_What the task asks:_
Quote the entries below from the line with "is not SL2-conjugate" through the line with "From mathcomp Require Import zify ring.", both ends included, and only those lines.
*** Available data Section Begins ***
Lemma Jlie_support m f : (0 < m)%N -> Jlie m f <-> support f \subset long_pairs m.
Proof.
case: m => // m _; elim: m f => [|m IH] f; first exact: J1_support.
split.
  apply: inspan_support => _ [g [h [/J1_support sg [/IH sh ->]]]].
  apply: support_sub; first by rewrite -add1n; exact: support_imul.
  by rewrite -addn1; exact: support_imul.
apply: support_inspan => x z; rewrite inE => /andP[_ /ilen_split[y [xy yz my]]].
exists (e x y), (e y z).
split; first by apply/J1_support/support_eunit; rewrite long_pairs1.
split; first by apply/IH/support_eunit; rewrite inE /= yz.
by rewrite icomm_eunit ?(ltW xy) // lt_eqF // (lt_le_trans xy yz).
Qed.

Lemma Jrad_support f : Jrad f <-> support f \subset long_pairs 1.
Proof.
split=> [[fI fdiag] | sf].
  apply/subsetP => -[x y]; rewrite supportE long_pairs1; apply: contraR.
  by rewrite lt_def negb_and negbK => /orP[/eqP-> | /fI->]; rewrite ?fdiag.
split=> [x y nxy | x]; apply: (supportN0 sf); rewrite long_pairs1 ?ltxx //.
by apply: contra nxy => /ltW.
Qed.

Lemma Jpow_support m f : (0 < m)%N -> Jpow m f <-> support f \subset long_pairs m.
Proof.
case: m => // m _; elim: m f => [|m IH] f; first exact: Jrad_support.
split.
  apply: inspan_support => _ [g [h [/Jrad_support sg [/IH sh ->]]]].
  by rewrite -add1n; exact: support_imul.
apply: support_inspan => x z; rewrite inE => /andP[_ /ilen_split[y [xy yz my]]].
exists (e x y), (e y z).
split; first by apply/Jrad_support/support_eunit; rewrite long_pairs1.
split; first by apply/IH/support_eunit; rewrite inE /= yz.
by rewrite imul_eunit // ltW.
Qed.

End IncidenceSupport.

Theorem proposition2p4 (d : Order.disp_t) (X : finPOrderType d) (K : fieldType) :
  connected_poset X ->
  (forall m : nat, (0 < m)%N ->
     (forall f : {ffun X * X -> K}, Jlie m f <-> Espan m f) /\
     (forall f : {ffun X * X -> K}, Jpow m f <-> Espan m f)) /\
  ((0 < #|X|)%N ->
     (forall f : {ffun X * X -> K}, Jlie #|X| f <-> f = 0) /\
     (forall f : {ffun X * X -> K}, Jpow #|X| f <-> f = 0)) /\
  (forall m : nat, (0 < m)%N ->
     (forall f g : {ffun X * X -> K}, inI f -> Jlie m g ->
        Jlie m (imul f g) /\ Jlie m (imul g f) /\ Jlie m (icomm f g))).
Proof.
move=> _; split; [|split].
- move=> m m0; split=> f.
    exact: iff_trans (Jlie_support f m0) (iff_sym (Espan_support m f)).
  exact: iff_trans (Jpow_support f m0) (iff_sym (Espan_support m f)).
- move=> X0; split=> f.
    exact: iff_trans (Jlie_support f X0) (support_long_card f).
  exact: iff_trans (Jpow_support f X0) (support_long_card f).
- move=> m m0 f g /inI_support sf /(Jlie_support _ m0) sg.
  have sfg : support (imul f g) \subset long_pairs m := support_imul sf sg.
  have sgf : support (imul g f) \subset long_pairs m.
    by rewrite -[m]addn0; exact: support_imul.
  by split; [|split]; apply/(Jlie_support _ m0) => //; exact: support_sub.
Qed.
(* Let $q$ be a prime power, $N=\operatorname{SL}(2,q)$ and $G=\operatorname{GL}(2,q)$. Then $\operatorname{Ind}_N^G:\operatorname{R}(N)\to\operatorname{R}(G)$ is a monomorphism if and only if $q$ is a power of $2$, and $\operatorname{Ind}_N^G:\operatorname{RO}(N)\to\operatorname{RO}(G)$ is a monomorphism if and only if $q$ is a power of $2$ or $q\equiv 3 \pmod 4$.
   Context: $\operatorname{SL}(2,q)$ and $\operatorname{GL}(2,q)$ are the special and general linear groups of $2\times 2$ matrices over the field $\mathbb{F}_q$. $\operatorname{R}(K)$, $\operatorname{RO}(K)$ are the complex and real representation groups of $K$ (Grothendieck groups of $\mathbb{C}K$-, resp. $\mathbb{R}K$-modules). *)

From HB Require Import structures.
From mathcomp Require Import all_boot all_order all_algebra all_fingroup all_solvable all_field all_character.
Set Implicit Arguments. Unset Strict Implicit. Unset Printing Implicit Defensive.
Import Order.TTheory GRing.Theory Num.Theory.
Local Open Scope ring_scope.
Local Open Scope group_scope.

Definition SL2set (F : finFieldType) : {set {'GL_2[F]}} :=
  [set g : {'GL_2[F]} | \det (GLval g) == 1%R].

Lemma SL2_group_set (F : finFieldType) : group_set (SL2set F).
Proof.
apply/group_setP; split; first by rewrite inE GL_1E det1.
move=> x y; rewrite !inE => /eqP dx /eqP dy.
by rewrite GL_ME det_mulmx dx dy mulr1.
Qed.

Canonical SL2 (F : finFieldType) : {group {'GL_2[F]}} := Group (SL2_group_set F).

(* R(K): the Grothendieck group of CK-modules, identified (via characters)
   with the virtual characters 'Z[irr K]. *)
Definition Rgroup (gT : finGroupType) (K : {group gT}) (phi : 'CF(K)) : Prop :=
  phi \in 'Z[irr K].

Definition real_repr_char (gT : finGroupType) (K : {group gT}) (phi : 'CF(K)) : Prop :=
  exists (n : nat) (rG : mx_representation algC K n),
    (forall g, g \in K -> forall i j, (rG g i j) \is Num.real) /\ phi = cfRepr rG.

(* RO(K): the Grothendieck group of RK-modules, i.e. formal differences
   [V] - [W] of real representations, identified via characters with a
   subgroup of 'CF(K). *)
Definition ROgroup (gT : finGroupType) (K : {group gT}) (phi : 'CF(K)) : Prop :=
  exists chi1 chi2 : 'CF(K),
    [/\ real_repr_char chi1, real_repr_char chi2 & phi = chi1 - chi2].

Definition is_pow2 (q : nat) : Prop := exists k : nat, q = (2 ^ k)%N.

(* Since SL2 is normal in GL2, restricting an induced class function gives back
   |GL2 : SL2| times the function whenever the latter is GL2-invariant, so
   induction is injective on any set of GL2-invariant class functions.
   Conversely Ind (theta ^ g) = Ind theta, so injectivity on a set stable under
   GL2-conjugation forces all its elements to be GL2-invariant.
   An element of GL2 whose determinant is a square acts on SL2 by conjugation
   like an element of SL2 (it is a scalar times an element of SL2); when q is
   even every determinant is a square.  When q = 3 mod 4 every determinant is
   plus or minus a square, and every x in SL2 is conjugated to x^-1 by a matrix
   of determinant -1, which suffices for the real-valued characters of RO.
   For odd q the unipotent matrices [[1,1],[0,1]] and [[1,a],[0,1]], a a
   non-square, are conjugate in GL2 but not in SL2, hence separated by an
   irreducible character; when q = 1 mod 4, -1 is a square, so [[1,a],[0,1]]
   is not SL2-conjugate to the inverse of [[1,1],[0,1]] either, and the real
   character chi + chi^* separates them. *)

From mathcomp Require Import all_boot all_order all_algebra all_fingroup all_solvable.
From mathcomp Require Import all_field all_character.
From mathcomp Require Import zify ring.
Set Implicit Arguments. Unset Strict Implicit. Unset Printing Implicit Defensive.
Import GRing.Theory Num.Theory.
Local Open Scope ring_scope.

Section FinFieldSquares.

Variable F : finFieldType.
Local Notation q := #|F|.

Lemma expf_card_pred (a : F) : a != 0 -> a ^+ q.-1 = 1.
Proof.
move=> a0; apply: (mulIf a0); rewrite mul1r -exprSr prednK ?expf_card //.
exact: ltnW (finNzRing_gt1 F).
Qed.

Lemma pchar2_pow2_card : 2 \in [pchar F] -> is_pow2 q.
Proof. by move=> pchar2; exists (logn 2 #|pPrimeCharType pchar2|); apply: card_pprimeChar. Qed.

Lemma pow2_card_even : ~~ odd q -> is_pow2 q.
Proof.
move=> even_q; have [p p_pr pcharFp] := finPcharP F.
have [p2 | odd_p] := even_prime p_pr; first by rewrite p2 in pcharFp; apply: pchar2_pow2_card.
by move: even_q; rewrite (card_pprimeChar pcharFp) oddX odd_p orbT.
Qed.

Lemma pow2_card_sqrt : is_pow2 q -> forall d : F, exists s, d = s ^+ 2.
Proof.
case=> [[|k] qE d]; first by have := finNzRing_gt1 F; rewrite qE.
by exists (d ^+ (2 ^ k)%N); rewrite -exprM -expnSr -qE expf_card.
Qed.

Lemma odd_card_oner_neqN1 : odd q -> 1 != - 1 :> F.
Proof.
move=> odd_q; apply: contraTneq odd_q => oneN1.
have [[|k] qE] : is_pow2 q by apply: pchar2_pow2_card; rewrite inE /= mulr2n {2}oneN1 subrr.
  by have := finNzRing_gt1 F; rewrite qE.
by rewrite qE oddX.
Qed.

Lemma odd_card_exists_half_N1 : odd q -> exists a : F, a ^+ (q.-1 %/ 2) = -1.
Proof.
move=> odd_q; set m := (q.-1 %/ 2)%N.
have q_gt1 : (1 < q)%N := finNzRing_gt1 F; have q_mod2 : (q %% 2 = 1)%N by rewrite modn2 odd_q.
have qE : q.-1 = (m * 2)%N by rewrite /m; lia.
have m_gt0 : (0 < m)%N by rewrite /m -subn1; lia.
have [a /eqP | no_a] := pickP (fun a : F => a ^+ m == -1); first by exists a.
have roots : all (root ('X^m - 1)) (enum [pred a : F | a != 0]).
  apply/allP => a; rewrite mem_enum inE => a0; rewrite rootE !hornerE subr_eq0.
  have : (a ^+ m) ^+ 2 == 1 by rewrite -exprM -qE expf_card_pred.
  by rewrite sqrf_eq1 no_a orbF.
have := max_poly_roots (monic_neq0 (monicXnsubC 1 m_gt0)) roots (enum_uniq _).
by rewrite size_Xn_sub_1 // -cardE cardC1 -/q qE; lia.
Qed.

Lemma half_N1_nonsquare (a s : F) : odd q -> a ^+ (q.-1 %/ 2) = -1 -> a != s ^+ 2.
Proof.
move=> odd_q aE; have oneN1 := odd_card_oner_neqN1 odd_q.
have q_gt1 : (1 < q)%N := finNzRing_gt1 F.
have q_mod2 : (q %% 2 = 1)%N by rewrite modn2 odd_q.
apply: contra_eqN aE => /eqP ->; rewrite -exprM (_ : (2 * _)%N = q.-1); last by lia.
have [-> | s0] := eqVneq s 0; last by rewrite expf_card_pred.
by rewrite expr0n eqn0Ngt ltn_predRL q_gt1 /= eq_sym oppr_eq0 oner_eq0.
Qed.

Lemma card1mod4_sqrtN1 : odd q -> (q %% 4 != 3)%N -> exists i : F, i ^+ 2 = -1.
Proof.
move=> odd_q q_mod4; have [a aE] := odd_card_exists_half_N1 odd_q.
have q_mod2 : (q %% 2 = 1)%N by rewrite modn2 odd_q.
by exists (a ^+ (q %/ 4)); rewrite -exprM -aE; congr (_ ^+ _); lia.
Qed.

Lemma card3mod4_sq_or_Nsq (d : F) : (q %% 4 = 3)%N -> d != 0 ->
  exists s, d = s ^+ 2 \/ d = - s ^+ 2.
Proof.
move=> q_mod4 d0; set k := (q %/ 4)%N.
have qE : q.-1 = ((2 * k + 1) * 2)%N by rewrite /k; lia.
have dk : d * d ^+ (2 * k + 1) = (d ^+ k.+1) ^+ 2.
  by rewrite -exprS -exprM; congr (_ ^+ _); lia.
have : (d ^+ (2 * k + 1)) ^+ 2 == 1 by rewrite -exprM -qE expf_card_pred.
rewrite sqrf_eq1 => /orP[] /eqP dk1; exists (d ^+ k.+1); rewrite -dk dk1.
  by left; rewrite mulr1.
by right; rewrite mulrN1 opprK.
Qed.

Lemma odd_card_exists_nonsquare : odd q -> exists2 a : F, a != 0 & forall s, a != s ^+ 2.
Proof.
move=> odd_q; have [a aE] := odd_card_exists_half_N1 odd_q.
exists a => [|s]; last exact: half_N1_nonsquare.
by have := half_N1_nonsquare 0 odd_q aE; rewrite expr0n.
Qed.
(* Let $L=\langle S,A,\to\rangle$ be a labelled transition system. For all $x,y\in\{o,b\}$, the relation $\equiv^{ed}_{E(x,y)}$ is an $(x,y)$-generic bisimulation.
   Context: An LTS is $\langle S,A,\to\rangle$ with states $S$, actions $A$ containing the internal action $\tau$, and $\to\subseteq S\times A\times S$; write $s\xrightarrow{a}t$, and $\twoheadrightarrow$ for the reflexive-transitive closure of $\xrightarrow{\tau}$. For $R\subseteq S\times S$ and $s,s',t$: $s\twoheadrightarrow_{o,R,t}s'$ iff $s\twoheadrightarrow s'$; $s\twoheadrightarrow_{b,R,t}s'$ iff $s\twoheadrightarrow s'$, $t\,R\,s$ and $t\,R\,s'$. For $x,y\in\{o,b\}$, a symmetric $R$ is an $(x,y)$-generic bisimulation if whenever $s\,R\,t$ and $s\xrightarrow{a}s'$, either $a=\tau$ and $s'\,R\,t$, or there exist $t',t_1,t_2$ with $t\twoheadrightarrow_{x,R,s}t_1\xrightarrow{a}t_2\twoheadrightarrow_{y,R,s'}t'$ and $s'\,R\,t'$. Game with explicit divergence. Let $\frown,\smile$ be formal tags and $E\subseteq\{\frown,\smile\}$. Spoiler-owned configurations $\langle (s,t),c,m,r\rangle_S$ and Duplicator-owned $\langle (s,t),c,m,r\rangle_D$ have $(s,t)\in S\times S$, $c\in (A\times S)\cup\{\dagger\}$, $m\in (S\times\{\frown,\smile\})\cup\{\dagger\}$, $r\in\{*,\checkmark\}$. From $\langle (s,t),c,m,r\rangle_S$ Spoiler may: (S1) move to $\langle (s,t),c,m,*\rangle_D$ if $c\neq\dagger$; (S2a) for some $s\xrightarrow{a}s'$, move to $\langle (s,t),(a,s'),(t,\frown),*\rangle_D$ if $c=\dagger$; (S2b) for some $s\xrightarrow{a}s'$, move to $\langle (s,t),(a,s'),(t,\frown),\checkmark\rangle_D$ if $c\neq (a,s')$; (S3) for some $t\xrightarrow{a}t'$, move to $\langle (t,s),(a,t'),(s,\frown),\checkmark\rangle_D$. From $\langle (u,v),(a,u'),(\bar v,f),r\rangle_D$ Duplicator may: (D1) move to $\langle (u',\bar v),\dagger,\dagger,*\rangle_S$ if $a=\tau$; (D2) if $f=\frown$ and $\bar v\xrightarrow{a}v'$: (a) move to $\langle (u',v'),(a,u'),(v',\smile),*\rangle_S$, or (b) move to $\langle (u',v'),\dagger,\dagger,\checkmark\rangle_S$, or (c) only if $\smile\in E$, move to $\langle (u,v),(a,u'),(v',\smile),*\rangle_S$; (D3) for some $\bar v\xrightarrow{\tau}v'$: (a) move to $\langle (u,v'),(a,u'),(v',f),*\rangle_S$, or (b) only if $f=\smile$, move to $\langle (u',v'),\dagger,\dagger,\checkmark\rangle_S$, or (c) only if $f\in E$, move to $\langle (u,v),(a,u'),(v',f),*\rangle_S$. Duplicator wins a finite play if Spoiler gets stuck, and an infinite play if it has infinitely many $\checkmark$ rewards; other plays are won by Spoiler. $s\equiv^{ed}_E t$ iff Duplicator has a strategy winning all plays from $\langle (s,t),\dagger,\dagger,*\rangle_S$. $E(x,y)$ is the smallest set with $\frown\in E(o,y)$ and $\smile\in E(x,o)$ for all $x,y\in\{o,b\}$. *)

From Stdlib Require Import List.
Import ListNotations.
Set Implicit Arguments.

Record LTS := mkLTS {
  St : Type;
  Act : Type;
  tau : Act;
  trans : St -> Act -> St -> Prop
}.

Section Defs.
Variable L : LTS.
Notation S := (St L).
Notation A := (Act L).
Notation step := (trans L).

Inductive tau_star : S -> S -> Prop :=
| ts_refl s : tau_star s s
| ts_step s s1 s' : step s (tau L) s1 -> tau_star s1 s' -> tau_star s s'.

Inductive mode := o | b.

Definition tau_rel (x : mode) (R : S -> S -> Prop) (t s s' : S) : Prop :=
  match x with
  | o => tau_star s s'
  | b => tau_star s s' /\ R t s /\ R t s'
  end.

Definition symmetric (R : S -> S -> Prop) : Prop := forall s t, R s t -> R t s.

Definition generic_bisim (x y : mode) (R : S -> S -> Prop) : Prop :=
  symmetric R /\
  forall s t a s', R s t -> step s a s' ->
    (a = tau L /\ R s' t) \/
    (exists t' t1 t2, tau_rel x R s t t1 /\ step t1 a t2 /\ tau_rel y R s' t2 t' /\ R s' t').

Inductive tag := frown | smile.
Inductive player := Spoiler | Duplicator.

(** configuration <(s,t), c, m, r>_owner ; [None] stands for the dagger,
    [rr = true] for the reward checkmark, [rr = false] for * *)
Record conf := mkConf {
  owner : player;
  pos : S * S;
  cc : option (A * S);
  mm : option (S * tag);
  rr : bool
}.

Section Game.
Variable E : tag -> Prop.

Inductive move : conf -> conf -> Prop :=
| S1 s t c m r :
    c <> None ->
    move (mkConf Spoiler (s, t) c m r) (mkConf Duplicator (s, t) c m false)
| S2a s t m r a s' :
    step s a s' ->
    move (mkConf Spoiler (s, t) None m r)
         (mkConf Duplicator (s, t) (Some (a, s')) (Some (t, frown)) false)
| S2b s t c m r a s' :
    step s a s' -> c <> Some (a, s') ->
    move (mkConf Spoiler (s, t) c m r)
         (mkConf Duplicator (s, t) (Some (a, s')) (Some (t, frown)) true)
| S3 s t c m r a t' :
    step t a t' ->
    move (mkConf Spoiler (s, t) c m r)
         (mkConf Duplicator (t, s) (Some (a, t')) (Some (s, frown)) true)
| D1 u v a u' vb f r :
    a = tau L ->
    move (mkConf Duplicator (u, v) (Some (a, u')) (Some (vb, f)) r)
         (mkConf Spoiler (u', vb) None None false)
| D2a u v a u' vb r v' :
    step vb a v' ->
    move (mkConf Duplicator (u, v) (Some (a, u')) (Some (vb, frown)) r)
         (mkConf Spoiler (u', v') (Some (a, u')) (Some (v', smile)) false)
| D2b u v a u' vb r v' :
    step vb a v' ->
    move (mkConf Duplicator (u, v) (Some (a, u')) (Some (vb, frown)) r)
         (mkConf Spoiler (u', v') None None true)
| D2c u v a u' vb r v' :
    step vb a v' -> E smile ->
    move (mkConf Duplicator (u, v) (Some (a, u')) (Some (vb, frown)) r)
         (mkConf Spoiler (u, v) (Some (a, u')) (Some (v', smile)) false)
| D3a u v a u' vb f r v' :
    step vb (tau L) v' ->
    move (mkConf Duplicator (u, v) (Some (a, u')) (Some (vb, f)) r)
         (mkConf Spoiler (u, v') (Some (a, u')) (Some (v', f)) false)
| D3b u v a u' vb r v' :
    step vb (tau L) v' ->
    move (mkConf Duplicator (u, v) (Some (a, u')) (Some (vb, smile)) r)
         (mkConf Spoiler (u', v') None None true)
| D3c u v a u' vb f r v' :
    step vb (tau L) v' -> E f ->
    move (mkConf Duplicator (u, v) (Some (a, u')) (Some (vb, f)) r)
         (mkConf Spoiler (u, v) (Some (a, u')) (Some (v', f)) false).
*** Available data Section Ends ***
_Exercise result:_
   is not SL2-conjugate to the inverse of [[1,1],[0,1]] either, and the real
   character chi + chi^* separates them. *)

From mathcomp Require Import all_boot all_order all_algebra all_fingroup all_solvable.
From mathcomp Require Import all_field all_character.
From mathcomp Require Import zify ring.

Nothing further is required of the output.